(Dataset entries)

--- START ---

Lemma prim_S_at0 k : prim (S k) 0 = 0.
Proof. apply (@RInt_point R_CompleteNormedModule). Qed.

Lemma prim_opp (h_odd : forall x, h (- x) = - h x) k x :
  prim k (- x) = (-1) ^ S k * prim k x.
Proof.
revert x. induction k as [|k IH]; intro x; simpl.
- rewrite h_odd. ring.
- assert (H := RInt_comp_lin (V := R_CompleteNormedModule) (prim k) (-1) 0 0 x
    (ex_RInt_prim _ _ _)).
  replace (-1 * 0 + 0) with 0 in H by ring. replace (-1 * x + 0) with (- x) in H by ring.
  rewrite <- H, (RInt_ext _ (fun y => scal ((-1) ^ S (S k)) (prim k y))).
  + apply (RInt_scal (V := R_CompleteNormedModule)), ex_RInt_prim.
  + intros y _. replace (-1 * y + 0) with (- y) by ring. rewrite IH.
    unfold scal; simpl; unfold mult; simpl. ring.
Qed.

Lemma prim_nonneg (h_nonneg : forall x, 0 <= x -> 0 <= h x) k x : 0 <= x ->
  0 <= prim k x.
Proof.
revert x. induction k as [|k IH]; intros x Hx; simpl; [apply h_nonneg, Hx|].
apply RInt_ge_0; [exact Hx|apply ex_RInt_prim|]. intros t Ht; apply IH; lra.
Qed.

Lemma prim_le c (h_le : forall x, 0 <= x -> h x <= c) k x : 0 <= x ->
  prim k x <= c * x ^ k / INR (fact k).
Proof.
revert x. induction k as [|k IH]; intros x Hx; simpl prim.
- simpl. replace (c * 1 / 1) with c by field. apply h_le, Hx.
- replace x with (x - 0) at 2 by ring. rewrite <- RInt_taylor_monomial.
  apply RInt_le; [exact Hx|apply ex_RInt_prim|apply ex_RInt_taylor_monomial|].
  intros t Ht. rewrite Rminus_0_r. apply IH; lra.
Qed.

Lemma prim_ge c d (h_nonneg : forall x, 0 <= x -> 0 <= h x)
  (h_ge : forall x, d <= x -> c <= h x) (Hd : 0 <= d) k x : d <= x ->
  c * (x - d) ^ k / INR (fact k) <= prim k x.
Proof.
revert x. induction k as [|k IH]; intros x Hx; simpl prim.
- simpl. replace (c * 1 / 1) with c by field. apply h_ge, Hx.
- rewrite <- (RInt_Chasles (V := R_CompleteNormedModule) (prim k) 0 d x)
    by apply ex_RInt_prim.
  change (plus ?u ?v) with (u + v). rewrite <- RInt_taylor_monomial.
  assert (0 <= RInt (prim k) 0 d).
  { apply RInt_ge_0; [exact Hd|apply ex_RInt_prim|].
    intros t Ht. apply prim_nonneg; [exact h_nonneg|lra]. }
  assert (RInt (fun t => c * (t - d) ^ k / INR (fact k)) d x <= RInt (prim k) d x).
  { apply RInt_le; [exact Hx|apply ex_RInt_taylor_monomial|apply ex_RInt_prim|].
    intros t Ht; apply IH; lra. }
  lra.
Qed.

End IteratedPrimitive.

(* [ramp d x] is [x / d] clamped to [[-1, 1]]. *)
Definition ramp (d x : R) : R := (Rabs (x + d) - Rabs (x - d)) / (2 * d).

Lemma ramp_continuous d x : continuous (ramp d) x.
Proof.
unfold ramp.
apply (continuous_mult (fun y => Rabs (y + d) - Rabs (y - d)) (fun _ => / (2 * d)));
  [|apply continuous_const].
apply (continuous_plus (fun y => Rabs (y + d)) (fun y => - Rabs (y - d))).
- apply continuous_Rabs_comp, (continuous_plus (fun y => y) (fun _ => d));
    [apply continuous_id|apply continuous_const].
- apply (continuous_opp (fun y => Rabs (y - d))), continuous_Rabs_comp.
  apply (continuous_plus (fun y => y) (fun _ => - d));
    [apply continuous_id|apply continuous_const].
Qed.

Lemma ramp_opp d x : ramp d (- x) = - ramp d x.
Proof.
unfold ramp. replace (- x + d) with (- (x - d)) by ring.
replace (- x - d) with (- (x + d)) by ring. rewrite !Rabs_Ropp. unfold Rdiv; ring.
Qed.

Lemma Rabs_ramp_le d x : 0 < d -> Rabs (ramp d x) <= 1.
Proof.
intro Hd. unfold ramp. rewrite Rabs_div, (Rabs_pos_eq (2 * d)) by lra.
apply Rle_div_l; [lra|]. rewrite Rmult_1_l.
assert (H := Rabs_triang_inv2 (x + d) (x - d)).
replace (x + d - (x - d)) with (2 * d) in H by ring.
rewrite (Rabs_pos_eq (2 * d)) in H by lra. exact H.
Qed.

Lemma ramp_nonneg d x : 0 < d -> 0 <= x -> 0 <= ramp d x.
Proof.
intros Hd Hx. unfold ramp. apply Rdiv_le_0_compat; [|lra].
rewrite (Rabs_pos_eq (x + d)) by lra. unfold Rabs; destruct Rcase_abs; lra.
Qed.

Lemma ramp_eq1 d x : 0 < d -> d <= x -> ramp d x = 1.
Proof.
intros Hd Hx. unfold ramp.
rewrite (Rabs_pos_eq (x + d)), (Rabs_pos_eq (x - d)) by lra. field. lra.
Qed.

Lemma supnorm_le g K : (forall x, -1 <= x <= 1 -> Rabs (g x) <= K) -> supnorm g <= K.
Proof.
intro H. unfold supnorm.
set (E := fun y => exists x, -1 <= x <= 1 /\ y = Rabs (g x)).
destruct (Lub_Rbar_correct E) as [Hub Hlub].
assert (HK : is_ub_Rbar E K) by (intros y [x [Hx ->]]; apply H, Hx).
assert (E0 : E (Rabs (g 0))) by (exists 0; split; [lra|reflexivity]).
specialize (Hlub K HK). specialize (Hub _ E0).
destruct (Lub_Rbar E); simpl in *; easy.
Qed.

(* The bound [K] matters: for unbounded [g], [supnorm g] is the junk value [0]. *)
Lemma Rabs_le_supnorm g K : (forall x, -1 <= x <= 1 -> Rabs (g x) <= K) ->
  forall x, -1 <= x <= 1 -> Rabs (g x) <= supnorm g.
Proof.
intros H x Hx. unfold supnorm.
set (E := fun y => exists x, -1 <= x <= 1 /\ y = Rabs (g x)).
destruct (Lub_Rbar_correct E) as [Hub Hlub].
assert (HK : is_ub_Rbar E K) by (intros y [z [Hz ->]]; apply H, Hz).
specialize (Hlub K HK). specialize (Hub (Rabs (g x)) (ex_intro _ x (conj Hx eq_refl))).
destruct (Lub_Rbar E); simpl in *; easy.
Qed.

Definition node (j : nat) : R := / (INR j + 1).

Lemma node_inj i j : node i = node j -> i = j.
Proof.
unfold node. intro H. apply INR_eq.
assert (INR i + 1 = INR j + 1) by (rewrite <- (Rinv_inv (INR i + 1)), H; apply Rinv_inv).
lra.
Qed.

Lemma node_range j : 0 < node j <= 1.
Proof.
unfold node. assert (0 <= INR j) by apply pos_INR. split.
- apply Rinv_0_lt_compat; lra.
- rewrite <- Rinv_1. apply Rinv_le_contravar; lra.
Qed.

Module Interpolation.
Import all_boot all_order all_algebra Rstruct.
Import Order.TTheory GRing.Theory Num.Theory.

Section HornerBounds.
Local Open Scope ring_scope.

Lemma psum_horner N b x : psum N b x = (\poly_(i < N) b i).[x].
Proof.
rewrite horner_poly; elim: N => [|N IH] /=; first by rewrite big_ord0.
by rewrite big_ord_recr /= IH RpowE.
Qed.

Lemma norm_exprB_le (s t : R) k : `|s| <= 1 -> `|t| <= 1 ->
  `|s ^+ k - t ^+ k| <= k%:R * `|s - t|.
Proof.
move=> hs ht; elim: k => [|k IH]; first by rewrite !expr0 subrr normr0 mul0r.
have -> : s ^+ k.+1 - t ^+ k.+1 = s * (s ^+ k - t ^+ k) + t ^+ k * (s - t).
  by rewrite !exprS !mulrBr [t ^+ k * s]mulrC [t ^+ k * t]mulrC addrA subrK.
apply: le_trans (ler_normD _ _) _.
rewrite mulrSr mulrDl !normrM; apply: lerD.
  by rewrite -[X in _ <= X]mul1r; apply: ler_pM; rewrite ?normr_ge0.
apply: (ler_wpM2r (normr_ge0 _)).
by rewrite normrX; apply: exprn_ile1; rewrite ?normr_ge0.
Qed.

Lemma norm_horner_le (p : {poly R}) (s : R) : `|s| <= 1 ->
  `|p.[s]| <= \sum_(k < size p) `|p`_k|.
Proof.
move=> hs; rewrite horner_coef; apply: le_trans (ler_norm_sum _ _ _) _.
apply: ler_sum => k _; rewrite normrM normrX -[X in _ <= X]mulr1.
by apply: (ler_wpM2l (normr_ge0 _)); apply: exprn_ile1; rewrite ?normr_ge0.
Qed.

Lemma horner_lipschitz (p : {poly R}) (s t : R) : `|s| <= 1 -> `|t| <= 1 ->
  `|p.[s] - p.[t]| <= (\sum_(k < size p) k%:R * `|p`_k|) * `|s - t|.
Proof.
move=> hs ht; rewrite !horner_coef -sumrB mulr_suml.
apply: le_trans (ler_norm_sum _ _ _) _; apply: ler_sum => k _.
rewrite -mulrBr normrM [_%:R * _]mulrC -mulrA.
by apply: (ler_wpM2l (normr_ge0 _)); apply: norm_exprB_le.
Qed.

End HornerBounds.

Lemma psum_bounded N b : exists M, forall x, -1 <= x <= 1 -> Rabs (psum N b x) <= M.
Proof.
eexists => x /(Rabs_le x 1) /RleP hx; rewrite psum_horner; apply/RleP.
exact: norm_horner_le hx.
Qed.

Lemma psum_lipschitz_at_nodes (x : nat -> R) N : (forall i j, x i = x j -> i = j) ->
  exists C, 0 <= C /\ forall b B, (forall j, lt j N -> Rabs (psum N b (x j)) <= B) ->
  forall s t, -1 <= s <= 1 -> -1 <= t <= 1 ->
  Rabs (psum N b s - psum N b t) <= C * B * Rabs (s - t).
Proof.
move=> x_inj; case: N => [|N].
  exists 0; split; [lra|] => b B _ s t _ _ /=.
  rewrite Rminus_0_r Rabs_R0 !Rmult_0_l; lra.
pose l i := tnth (lagrange N.+1 x) i : {poly R}.
exists (\sum_(i < N.+1) \sum_(k < size (l i)) k%:R * `|(l i)`_k|)%R; split.
  by apply/RleP; apply: sumr_ge0 => i _; apply: sumr_ge0 => k _; rewrite mulr_ge0.
move=> b B HB s t /(Rabs_le s 1) /RleP hs /(Rabs_le t 1) /RleP ht.
rewrite !psum_horner; set p := (\poly_(i < N.+1) b i)%R.
rewrite [p in (p.[s])%R](lagrange_gen (ltn0Sn N) x_inj (size_poly _ _)).
rewrite [p in (p.[t])%R](lagrange_gen (ltn0Sn N) x_inj (size_poly _ _)).
have normE y : Rabs y = `|y|%R by [].
apply/RleP; rewrite !RminusE !RmultE !normE !horner_sum -sumrB !mulr_suml.
apply: le_trans (ler_norm_sum _ _ _) _; apply: ler_sum => i _.
rewrite !hornerCM -mulrBr normrM [(_ * B)%R]mulrC -mulrA.
apply: ler_pM; rewrite ?normr_ge0 //.
  by move: (HB i (ssrnat.ltP (ltn_ord i))); rewrite psum_horner => /RleP.
exact: horner_lipschitz.
Qed.

End Interpolation.

Lemma pow_opp_odd k x : Nat.Odd k -> (- x) ^ k = - x ^ k.
Proof.
intros [m ->]. replace (- x) with (-1 * x) by ring.
rewrite Rpow_mult_distr, Nat.add_1_r, pow_1_odd. ring.
Qed.

Lemma pow_le_one x k : 0 <= x <= 1 -> x ^ k <= 1.
Proof. intro Hx. rewrite <- (pow1 k). apply pow_incr, Hx. Qed.

Lemma node_bound (Q : R -> R) r B N j :
  (forall x, 0 < x <= 1 -> Rabs (x ^ r * Q x) <= B) -> (j < N)%nat ->
  Rabs (Q (node j)) <= B * INR N ^ r.
Proof.
intros HQ Hj. assert (Hn := node_range j). specialize (HQ _ Hn).
assert (Hinv : (INR j + 1) ^ r * node j ^ r = 1).
{ rewrite <- Rpow_mult_distr. unfold node. rewrite Rinv_r; [apply pow1|].
  assert (0 <= INR j) by apply pos_INR. lra. }
assert (HjN : 0 <= (INR j + 1) ^ r <= INR N ^ r).
{ assert (0 <= INR j) by apply pos_INR.
  split; [apply pow_le; lra|]. apply pow_incr.
  rewrite <- S_INR. split; [apply pos_INR|apply le_INR; lia]. }
rewrite Rabs_mult, (Rabs_pos_eq (node j ^ r)) in HQ by (apply pow_le; lra).
replace (Rabs (Q (node j))) with ((INR j + 1) ^ r * (node j ^ r * Rabs (Q (node j))))
  by (rewrite <- Rmult_assoc, Hinv; ring).
assert (0 <= node j ^ r * Rabs (Q (node j)))
  by (apply Rmult_le_pos; [apply pow_le; lra|apply Rabs_pos]).
rewrite Rmult_comm. apply Rmult_le_compat; lra.
Qed.

Section Example.

Variables (r : nat) (s : R).
Hypotheses (r_ge4 : (4 <= r)%nat) (r_even : Nat.Even r) (s_pos : 0 < s).

Definition height : R := 2 ^ r * INR (fact r) / s.
Definition clip (x : R) : R := height * ramp (s / 2) x.
Definition jet (x : R) : R := s ^ 2 * x ^ (r - 3) - x ^ (r - 1).
Definition jet_coef (j : nat) : R :=
  (if j =? r - 3 then s ^ 2 else 0) + (if j =? r - 1 then -1 else 0).
Definition f_example (x : R) : R := jet x + prim clip r x.

Lemma height_pos : 0 < height.
Proof.
unfold height. apply Rdiv_lt_0_compat; [|exact s_pos].
apply Rmult_lt_0_compat; [apply pow_lt; lra|apply lt_0_INR, lt_O_fact].
Qed.

Lemma clip_continuous x : continuous clip x.
Proof. apply (continuous_scal_r height (ramp (s / 2))), ramp_continuous. Qed.

Lemma clip_opp x : clip (- x) = - clip x.
Proof. unfold clip. rewrite ramp_opp. ring. Qed.

Lemma clip_bounds x : 0 <= x -> 0 <= clip x <= height.
Proof.
intro Hx. assert (H0 := ramp_nonneg (s / 2) x ltac:(lra) Hx).
assert (H1 := Rle_trans _ _ _ (Rle_abs _) (Rabs_ramp_le (s / 2) x ltac:(lra))).
assert (Hh := height_pos). unfold clip. nra.
Qed.

Lemma pow_r_split y : y ^ r = y ^ (r - 3) * y ^ 3.
Proof. rewrite <- pow_add. f_equal. lia. Qed.

Lemma pow_pred_r_split y : y ^ (r - 1) = y ^ (r - 3) * y ^ 2.
Proof. rewrite <- pow_add. f_equal. lia. Qed.

Lemma psum_jet_coef x : psum r jet_coef x = jet x.
Proof. unfold jet_coef, jet. rewrite psum_plus, !psum_monomial by lia. ring. Qed.

Let f_deriv (k : nat) (x : R) : R := psum_deriv r jet_coef k x + prim clip (r - k) x.

Lemma is_derive_f_deriv k x : (k < r)%nat ->
  is_derive (f_deriv k) x (f_deriv (S k) x).
Proof.
intro Hk. unfold f_deriv. replace (r - k)%nat with (S (r - S k)) by lia.
apply (is_derive_plus (psum_deriv r jet_coef k)).
- apply is_derive_psum_deriv.
- apply is_derive_prim, clip_continuous.
Qed.

Lemma f_deriv_0 x : f_deriv O x = f_example x.
Proof.
unfold f_deriv, f_example. rewrite psum_deriv_0, psum_jet_coef, Nat.sub_0_r. reflexivity.
Qed.

Lemma Derive_n_f_example k x : (k <= r)%nat -> Derive_n f_example k x = f_deriv k x.
Proof. apply (Derive_n_chain f_example f_deriv r f_deriv_0 is_derive_f_deriv). Qed.

Lemma Cr_f_example : Cr r f_example.
Proof.
apply (Cr_chain f_example f_deriv r f_deriv_0 is_derive_f_deriv). intro x.
apply (continuous_ext clip); [|apply clip_continuous].
intro y. unfold f_deriv. rewrite psum_deriv_high, Nat.sub_diag by lia. simpl. ring.
Qed.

--- END ---

**Directions**
Only the lines from the top of the data through the line that contains "(ex_RInt_prim _ _ _))." should be quoted, exactly as they stand.

**Task answer**
Lemma prim_S_at0 k : prim (S k) 0 = 0.
Proof. apply (@RInt_point R_CompleteNormedModule). Qed.

Lemma prim_opp (h_odd : forall x, h (- x) = - h x) k x :
  prim k (- x) = (-1) ^ S k * prim k x.
Proof.
revert x. induction k as [|k IH]; intro x; simpl.
- rewrite h_odd. ring.
- assert (H := RInt_comp_lin (V := R_CompleteNormedModule) (prim k) (-1) 0 0 x
    (ex_RInt_prim _ _ _)).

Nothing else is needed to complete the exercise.